It will always be easy to remember when Kenny Rogers died. He died at 81 during the nightmarish days of the corona virus and the nightmarish war that continues to desecrate the place I call “home.” In announcing his death his publicist claimed, “His songs have endeared music lovers and touched the lives of millions around the world.” I can testify to that.
In fact, as I reflect on the death of Kenny Rogers, I am reminded of the magnitude of the devastation in the land of my childhood, ironically the space where I encountered Kenny for the first time. Yes, history has rendered the African a complex being and I have learned to embrace the beauty of that complexity.
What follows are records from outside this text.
Lemma has_jet_branch_after_map :
  has_jet (fun z => sigma (phi z)) zeta n (jet_form zeta (Cdiv (Csub (dphi n) (de n)) (dphi 1%nat)) n).
Proof.
  destruct (has_jet_Ck _ _ _ _ Hjp) as [r1 [Hr1 HCp]].
  destruct (branch_Ck_near r1 Hr1) as [rs [Hrs [Hrs0 [HsB HCs]]]].
  destruct (has_jet_deriv _ _ _ _ Hjp ltac:(lia)) as [HpD _].
  destruct (littleo0_ball _ _ (Cderiv_cont _ _ _ HpD) rs Hrs) as [dp [Hdp Hdpb]].
  set (rp := Rmin dp r1).
  assert (Hrp : 0 < rp) by (apply Rmin_pos; auto).
  pose proof (Rmin_l dp r1) as Hrp1. pose proof (Rmin_r dp r1) as Hrp2. fold rp in Hrp1, Hrp2.
  assert (HpB : forall w, ball zeta rp w -> ball (phi zeta) rs (phi w)).
  { intros w Hw. unfold ball in Hw. specialize (Hdpb (Csub w zeta) ltac:(lra)).
    replace (Cadd zeta (Csub w zeta)) with w in Hdpb by cring. exact Hdpb. }
  assert (HCpsi : Ck n (ball zeta rp) (fun z => sigma (phi z))).
  { apply (Ck_comp n _ (ball (phi zeta) rs) sigma phi HCs); auto.
    apply (Ck_sub_set n (ball zeta r1)); auto. intros w Hw; unfold ball in *; lra. }
  assert (Hpsic : littleo (fun h => Csub (sigma (phi (Cadd zeta h))) zeta) 0).
  { eapply littleo_ext; [|apply (littleo_comp _ 0 _ _ branch_cont (Cderiv_bound _ _ _ HpD))].
    intros h. cbv beta. replace (Cadd (phi zeta) (Csub (phi (Cadd zeta h)) (phi zeta)))
      with (phi (Cadd zeta h)) by cring. reflexivity. }
  assert (Hpsiid : exists r, 0 < r /\ forall h, Cnorm h < r ->
                     phie (sigma (phi (Cadd zeta h))) = phi (Cadd zeta h)).
  { exists rp; split; auto. intros h Hh. apply Hinv.
    assert (Hb : ball zeta rp (Cadd zeta h))
      by (unfold ball; replace (Csub (Cadd zeta h) zeta) with h by cring; auto).
    specialize (HpB _ Hb). unfold ball in HpB. lra. }
  apply (has_jet_of_taylor _ zeta n _ rp Hrp ltac:(lia) HCpsi).
  eapply littleo_ext; [|exact (branch_after_map_taylor phi phie (fun z => sigma (phi z)) zeta _ K n Hd1
                                 reflect_strict_deriv reflect_sub_littleo Hpsic Hpsiid)].
  intros h. cbv beta. rewrite taylor_jet_form by lia.
  f_equal. f_equal. unfold K, Cdiv. cring.
Qed.

Lemma has_jet_map_after_branch :
  has_jet (fun w => phi (sigma w)) (phi zeta) n
    (jet_form (phi zeta) (Cdiv (Csub (dphi n) (de n)) (Cpow (dphi 1%nat) n)) n).
Proof.
  destruct (has_jet_Ck _ _ _ _ Hjp) as [r1 [Hr1 HCp]].
  destruct (branch_Ck_near r1 Hr1) as [rs [Hrs [Hrs0 [HsB HCs]]]].
  assert (HCchi : Ck n (ball (phi zeta) rs) (fun w => phi (sigma w)))
    by (apply (Ck_comp n _ (ball zeta r1) phi sigma); auto).
  assert (Hchiid : exists r, 0 < r /\ forall h, Cnorm h < r ->
                     phie (sigma (Cadd (phi zeta) h)) = Cadd (phi zeta) h).
  { exists r0; split; auto. intros h Hh. apply Hinv.
    replace (Csub (Cadd (phi zeta) h) (phi zeta)) with h by cring; auto. }
  apply (has_jet_of_taylor _ (phi zeta) n _ rs Hrs ltac:(lia) HCchi).
  eapply littleo_ext; [|exact (map_after_branch_taylor phi phie sigma zeta (phi zeta) _ K n ltac:(lia) Hd1
                                 reflect_strict_deriv reflect_sub_littleo branch_cont Hez Hchiid)].
  intros h. cbv beta. rewrite taylor_jet_form by lia.
  f_equal. f_equal. unfold Cdiv. rewrite Cinv_pow by auto. unfold K. cring.
Qed.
It is a space where Kenny Rogers had as much impact on my girlhood as the Kenyang folk songs and Makossa I listened to. Kenny Rogers would never know that from the crushing notes of his husky voice, I felt the first pangs of love. Our mothers worried about our young male friends who sheepishly visited us but those boys never had access to us the way the white male country singers like Kenny Rogers did. As a young high school girl I bought every cassette of his. Yes cassette, that was before CDs. My favorite at the time was “Lady.” When he sang “My love, there’s so many ways I want to say I love you;Let me hold you in my arms forever more,”
parts of my body that I never knew existed came alive and I surrendered to the succulent folds of his voice. I sang along and allowed his voice to touch every pulse of a desire I was barely aware of. On the continent known for the art of storytelling, he easily carried me on the wings of his stories and we flew away to distant lands in the USA where I was unaware that the color of my skin would put us in different camps. Ignorance was bliss. “Lucille” was another favorite. Her words haunt me still,

“I finally quit livin’ on dreams
I’m hungry for laughter and here ever after
I’m after whatever the other life brings”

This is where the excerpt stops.